Member of the House of Councillors
- In office 10 July 1977 – 9 July 1989
- Preceded by: Genshō Takeda
- Succeeded by: Yasuko Takemura
- Constituency: Hokkaido at-large

Mayor of Ikeda
- In office May 1957 – October 1976

Personal details
- Born: 丸谷金保 (Marutani Kaneyasu) 25 June 1919 Ikeda, Hokkaido, Japan
- Died: 3 June 2014 (aged 94) Ikeda, Hokkaido, Japan
- Party: Socialist
- Alma mater: Meiji University
- Occupation: Journalist and politician

= Kaneyasu Marutani =

Japanese journalist and politician

Kaneyasu Marutani (丸谷金保, Marutani Kaneyasu) was a Japanese journalist and politician from the Social Democratic Party.
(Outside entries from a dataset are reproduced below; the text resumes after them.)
(* For every $n\ge 0$, a permutation $\pi$ of $\{1,\ldots,n\}$ can be produced as the output of a loosely locked jump queue with input $1,2,\ldots,n$ if and only if $\pi$ avoids the pattern $4231$.
   Context: A permutation $\pi=\pi_1\cdots\pi_n$ contains a pattern $\alpha=\alpha_1\cdots\alpha_k$ (a permutation of $\{1,\ldots,k\}$) if there are indices $i_1<\cdots<i_k$ with $\pi_{i_r}<\pi_{i_s}$ iff $\alpha_r<\alpha_s$; otherwise $\pi$ avoids $\alpha$. Jump queues. The input is $1,2,\ldots,n$, and at each step one may either append the next input element to the rear of the queue, or remove (output) some element of the queue; the sequence of outputs forms a permutation of $1,\ldots,n$ once all elements have been output. The front element of the queue may always be output. Outputting an element other than the front element is called a jump, and an element may jump only if it is not locked. When an element $x$ jumps, every element currently in the queue behind $x$ (closer to the rear) becomes locked; this lock is released at the moment when all elements that were in front of $x$ at the time of the jump have been output. An element is locked as long as at least one lock applying to it is in force. (In particular jumping the rear element locks nothing.) - In a loosely locked jump queue, newly appended elements are initially unlocked. *)

From mathcomp Require Import all_boot.
Set Implicit Arguments. Unset Strict Implicit. Unset Printing Implicit Defensive.

Definition order_iso (s alpha : seq nat) : bool :=
  (size s == size alpha) &&
  [forall r : 'I_(size alpha), forall t : 'I_(size alpha),
     (nth 0 s r < nth 0 s t) == (nth 0 alpha r < nth 0 alpha t)].

Definition contains (pi alpha : seq nat) : Prop :=
  exists s : seq nat, subseq s pi /\ order_iso s alpha.

Definition avoids (pi alpha : seq nat) : Prop := ~ contains pi alpha.

(* State: number of input elements already appended (next input is i.+1),
   queue contents (front first), list of locks, output so far.
   A lock is a pair (F, L): F = elements that were in front of the jumping
   element at jump time, L = elements that were behind it (and got locked). Newly appended elements are in no L: loose locking. *)
Record jq_state := JQ {
  jq_in : nat;
  jq_queue : seq nat;
  jq_locks : seq (seq nat * seq nat);
  jq_out : seq nat }.

Definition lock_active (q : seq nat) (l : seq nat * seq nat) : bool :=
  has (fun y => y \in q) l.1.

Definition is_locked (q : seq nat) (locks : seq (seq nat * seq nat)) (x : nat) : bool :=
  has (fun l => lock_active q l && (x \in l.2)) locks.

Inductive jq_step (n : nat) : jq_state -> jq_state -> Prop :=
| jq_push i q L o :
    i < n -> jq_step n (JQ i q L o) (JQ i.+1 (rcons q i.+1) L o)
| jq_pop_front i x q L o :
    jq_step n (JQ i (x :: q) L o) (JQ i q L (rcons o x))
| jq_jump i a x b L o :
    a != [::] -> ~~ is_locked (a ++ x :: b) L x ->
    jq_step n (JQ i (a ++ x :: b) L o) (JQ i (a ++ b) ((a, b) :: L) (rcons o x)).

Inductive jq_reach (n : nat) : jq_state -> jq_state -> Prop :=
| jq_refl s : jq_reach n s s
| jq_trans s1 s2 s3 : jq_step n s1 s2 -> jq_reach n s2 s3 -> jq_reach n s1 s3.

Definition jq_producible (n : nat) (pi : seq nat) : Prop :=
  exists L, jq_reach n (JQ 0 [::] [::] [::]) (JQ n [::] L pi).

From mathcomp Require Import all_boot zify.
Set Implicit Arguments. Unset Strict Implicit. Unset Printing Implicit Defensive.

(* The queue is always increasing, so an element x can leave before a smaller
   y only by jumping over it, and that jump locks every larger t already
   behind x until y leaves.  In a 4231 occurrence w x t y, the element t was
   appended before w left, hence before x left; so t stays locked until y
   leaves, yet t has to leave first.
   Conversely, a 4231-avoiding pi is output greedily: append inputs up to the
   next value, then pop it or jump it.  When x jumps over F with a nonempty
   part B behind it, the largest value w output so far exceeds B, so the lock
   (F, B) comes with w, x output in this order and y < x < t < w for y in F,
   t in B.  If a later value z were locked by it through a pending y, then
   w x z y would be a 4231 occurrence in pi. *)

Lemma subseq_rcons_cases (T : eqType) (s o : seq T) a z :
  subseq (rcons s a) (rcons o z) -> subseq (rcons s a) o \/ (a = z /\ subseq s o).
Proof.
rewrite -subseq_rev !rev_rcons /=; case: eqP => [->|_] Hs.
  by right; rewrite -subseq_rev.
by left; rewrite -subseq_rev rev_rcons.
Qed.

Lemma sorted_ltn_mem_split (a b : seq nat) x y :
  sorted ltn (a ++ x :: b) -> y \in a ++ x :: b ->
  (y \in a) = (y < x) /\ (y \in b) = (x < y).
Proof.
rewrite sorted_pairwise; last exact: ltn_trans.
rewrite pairwise_cat /= => /and3P [/allrelP Ha _ /andP [/allP Hb _]].
have {}Ha u : u \in a -> u < x by move/Ha; apply; apply: mem_head.
have {}Hb u : u \in b -> x < u by move/Hb.
rewrite mem_cat in_cons => yab.
split; apply/idP/idP.
- exact: Ha.
- by case/or3P: yab => [// | /eqP | /Hb] => *; exfalso; lia.
- exact: Hb.
- by case/or3P: yab => [/Ha | /eqP | //] => *; exfalso; lia.
Qed.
He served as member of the House of Councillors from 1977 to 1989.

He also served as Mayor of Ikeda, Hokkaido from 1957 to 1976. During his tenure as mayor, he was instrumental in forming a sister city relationship with the City of Penticton in British Columbia Canada. This relationship is still active in 2017 and a delegation from Penticton recently travelled to Ikeda Japan to celebrate the fortieth anniversary.